All made from scratch! This Classic Swiss Carrot Cake is filled with fresh carrots. It is incredibly moist and flavorful, and you won’t be able to resist! A perfect Easter dessert or a stunning party treat.
Preheat the oven to 350°F or 180°C. Line the bottom of a 9-inch (24cm) spring form with parchment paper and grease the sides. I find it easier to grease the sides instead of battling and cutting parchment paper all the way around. If you prefer to line the entire spring form with parchment paper, feel free to do that!
Peel the carrots, and whit a grader, grade them into fine shreds. Set aside.
Mix the shredded almonds, lemon zest, flour, and baking powder in a separate bowl. And set aside.
Separate the eggs. Pour the egg whites into a medium size mixing bowl, add salt, and mix with a hand mixer until stiff peaks form. Set it in the refrigerator.
Add sugar, egg yolks, and water to a big mixing bowl and beat until foamy and lighter in color. This will take about 5 minutes. You can use a hand or a stand mixer for that.
Then add the carrot shreds, the almond-flour mixture, lemon juice, and Kirsch (or water) and carefully mix with a wooden spoon until well incorporated.
Then add the stiff egg whites and fold them into the batter! Do this carefully and only mix until you see no egg white strikes anymore. Try not to overmix the batter, or it will become runny and end up with a dense cake.

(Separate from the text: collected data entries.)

Lemma span3_ind (S Q : F -> Prop) : submod3 Q -> (forall h, S h -> Q h) ->
  forall f, span3 S f -> Q f.
Proof.
move=> Qsub SQ _ [n [a [G [SG ->]]]].
by apply: submod3_sum => // i _; case: Qsub => _ _; apply; apply: SQ.
Qed.

Lemma span3_sub (S T : F -> Prop) :
  (forall h, S h -> span3 T h) -> forall f, span3 S f -> span3 T f.
Proof. by move=> ST; apply: span3_ind ST; apply: span3_submod. Qed.

Lemma J3_submod n : submod3 (@J3 d P R n).
Proof.
split.
- by split=> x y z _; rewrite ffunE.
- move=> f g [If Jf] [Ig Jg]; split=> x y z H; rewrite ffunE.
    by rewrite If ?Ig ?addr0.
  by rewrite Jf ?Jg ?addr0.
- move=> k f [If Jf]; split=> x y z H; rewrite ffunE.
    by rewrite If ?scaler0.
  by rewrite Jf ?scaler0.
Qed.

Lemma Egen_submod : submod3 (@Egen d P R).
Proof. exact: span3_submod. Qed.

Lemma Z2_submod : submod3 (@Z2 d P R).
Proof. exact: span3_submod. Qed.

Lemma mul3Dl f g h : mul3 (f + g) h = mul3 f h + mul3 g h.
Proof.
apply/ffunP => -[[x1 x2] x3]; rewrite !ffunE -big_split; apply: eq_bigr => y1 _.
rewrite -big_split; apply: eq_bigr => y2 _; rewrite !ffunE.
by case: ifP; rewrite /= ?mulrDl ?addr0.
Qed.

Lemma mul3Dr f g h : mul3 f (g + h) = mul3 f g + mul3 f h.
Proof.
apply/ffunP => -[[x1 x2] x3]; rewrite !ffunE -big_split; apply: eq_bigr => y1 _.
rewrite -big_split; apply: eq_bigr => y2 _; rewrite !ffunE.
by case: ifP; rewrite /= ?mulrDr ?addr0.
Qed.

Lemma mul3Zl k f g : mul3 (k *: f) g = k *: mul3 f g.
Proof.
apply/ffunP => -[[x1 x2] x3]; rewrite !ffunE scaler_sumr; apply: eq_bigr => y1 _.
rewrite scaler_sumr; apply: eq_bigr => y2 _; rewrite !ffunE.
by case: ifP; rewrite ?scaler0 // scalerAl.
Qed.

Lemma mul3Zr k f g : mul3 f (k *: g) = k *: mul3 f g.
Proof.
apply/ffunP => -[[x1 x2] x3]; rewrite !ffunE scaler_sumr; apply: eq_bigr => y1 _.
rewrite scaler_sumr; apply: eq_bigr => y2 _; rewrite !ffunE.
by case: ifP; rewrite ?scaler0 // scalerAr.
Qed.

Lemma mul3_suml (I : finType) (G : I -> F) h :
  mul3 (\sum_i G i) h = \sum_i mul3 (G i) h.
Proof.
have mul3_0l : mul3 0 h = 0 by rewrite -[X in mul3 X _](scale0r 0) mul3Zl scale0r.
exact: (big_morph (fun f => mul3 f h) (fun f g => mul3Dl f g h) mul3_0l).
Qed.

Lemma mul3_sumr (I : finType) (G : I -> F) f :
  mul3 f (\sum_i G i) = \sum_i mul3 f (G i).
Proof.
have mul3_0r : mul3 f 0 = 0 by rewrite -[X in mul3 _ X](scale0r 0) mul3Zr scale0r.
exact: (big_morph (fun g => mul3 f g) (mul3Dr f) mul3_0r).
Qed.

Lemma e3_decomp f : f = \sum_(t : P * P * P) f t *: E t.1.1 t.1.2 t.2.
Proof.
apply/ffunP => t; rewrite sum_ffunE (bigD1 t) //= big1 => [|s nst].
  by case: t => [[x y] z]; rewrite !ffunE eqxx addr0 /GRing.scale /= mulr1.
by case: s nst => [[x y] z] nst; rewrite !ffunE eq_sym (negbTE nst) scaler0.
Qed.

Lemma sum_e3E a c (p : pred P) x1 x2 x3 :
  (\sum_(x | p x) E a x c) (x1, x2, x3) = (if [&& x1 == a, x3 == c & p x2] then 1 else 0).
Proof.
rewrite sum_ffunE; under eq_bigr => x _ do rewrite ffunE !xpair_eqE.
have [_|_] := eqVneq x1 a; have [_|_] := eqVneq x3 c; rewrite /=;
  try by rewrite big1 // => x _; rewrite andbF.
have [px2|npx2] := boolP (p x2).
  rewrite (bigD1 x2) //= eqxx big1 ?addr0 // => x /andP[_ nx].
  by rewrite eq_sym (negbTE nx).
by rewrite big1 // => x px; case: eqVneq => // ex; rewrite ex px in npx2.
Qed.

Lemma mul3_e3 a b c a' b' c' :
  mul3 (E a b c) (E a' b' c') =
  if [&& a' == b, b' == c, a <= b & c <= c'] then \sum_(x | b <= x <= c) E a x c' else 0.
Proof.
apply/ffunP => -[[x1 x2] x3]; rewrite ffunE /= (bigD1 b) //=.
rewrite [X in _ + X]big1 => [|y1 ny1]; last first.
  by apply: big1 => y2 _; rewrite !ffunE !xpair_eqE (negbTE ny1) andbF mul0r if_same.
rewrite addr0 (bigD1 c) //= [X in _ + X]big1 => [|y2 ny2]; last first.
  by rewrite !ffunE !xpair_eqE (negbTE ny2) andbF mul0r if_same.
rewrite addr0 !ffunE !xpair_eqE !eqxx !andbT [b == a']eq_sym [c == b']eq_sym.
case: (a' == b); case: (b' == c); rewrite /= ?mulr0 ?if_same ?ffunE //.
rewrite (fun_if (fun f : F => f (x1, x2, x3))) sum_e3E ffunE.
case: (x1 =P a) => [->|_]; case: (x3 =P c') => [->|_];
  rewrite ?mulr0 ?mul0r ?if_same ?andbF /= ?if_same // mulr1.
by case: (a <= b); case: (b <= x2); case: (x2 <= c); case: (c <= c').
Qed.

Pour the batter into the prepared spring form; with a rubber spatula, level it and place it in the oven.
Bake for about 55 minutes or until the cake is golden brown. If you are unsure whether the cake is done, you can lightly press on it in the center. If it springs right back vs. leaving a dent, it is done.
Take the cake out of the oven and let it cool for 15 minutes before you remove the spring form. Once the spring form is removed, place the cake upside down on a cooling rack and let it cool completely.
Carrots:
Make 12 small carrots from fondant and set them aside. (Read the blog post above for detailed step-by-step instructions on how to make fondant carrots!!)
Glaze:
Add the powdered sugar to a medium-sized mixing bowl. Start with adding one tablespoon of lemon juice/water at a time. You want to make sure the glaze doesn’t get too runny. Mix with a whisk. Add more liquid as needed.
You want the glaze to be on the thicker side but still a little bit runny so that it can drip down the sides a little.
Pour the glaze over the cooled cake and spread it over the surface and sides with a big spoon or spatula.
Add the 12 fondant carrots to the still-wet glaze. Place them evenly spaced apart around the cake.
Enjoy!
Notes
Tips to achieve a perfect Classic Swiss Carrot Cake:➠ Hand-grade your carrots! That will leave you with fine, delicate strands of carrot that basically melt into the cake during baking. You can use pre-grated carrots from the store. However, you won’t have the same result and will have bigger carrot shreds in your cake.➠ Carefully fold in the egg whites! Don’t over-mix the batter at the end when folding in the stiff egg whites. You want to keep them light and airy. If you mix for too long, the egg whites become runny and will make the end product dense!➠ Add the glaze to a cooled cake! Make sure the cake is cooled all the way before you add the glaze, or it will not set.➠ Glaze the bottom part of the cake! Let the cake cool upside down! The bottom part of the cake is smooth and flat, making it easy for you to glaze. It will give you a nice and even look.➠ Add just a little liquid to the glaze at a time! Start by adding just a few tbsp of water/lemon juice to the powdered sugar. Stir well in between.Initially, it might look like the ratio isn’t correct and you need to add more liquid than it asks for. But Powdered sugar drastically shrinks and melts together with the liquid.Once the glaze gets too runny, you have to add more powdered sugar and end up with a lot more glaze than needed for this cake. But if you slowly add the liquid, you will know when you have a perfect consistency. It shouldn’t be too thick nor too runny but easy enough to spread.➠ Make the cake a day before! It tastes great on the first day but phenomenal on the second! It is an ideal cake to make a day early and glaze the day of!➠ Store leftovers covered in the refrigerator! This cake will stay good for up to a week in the fridge.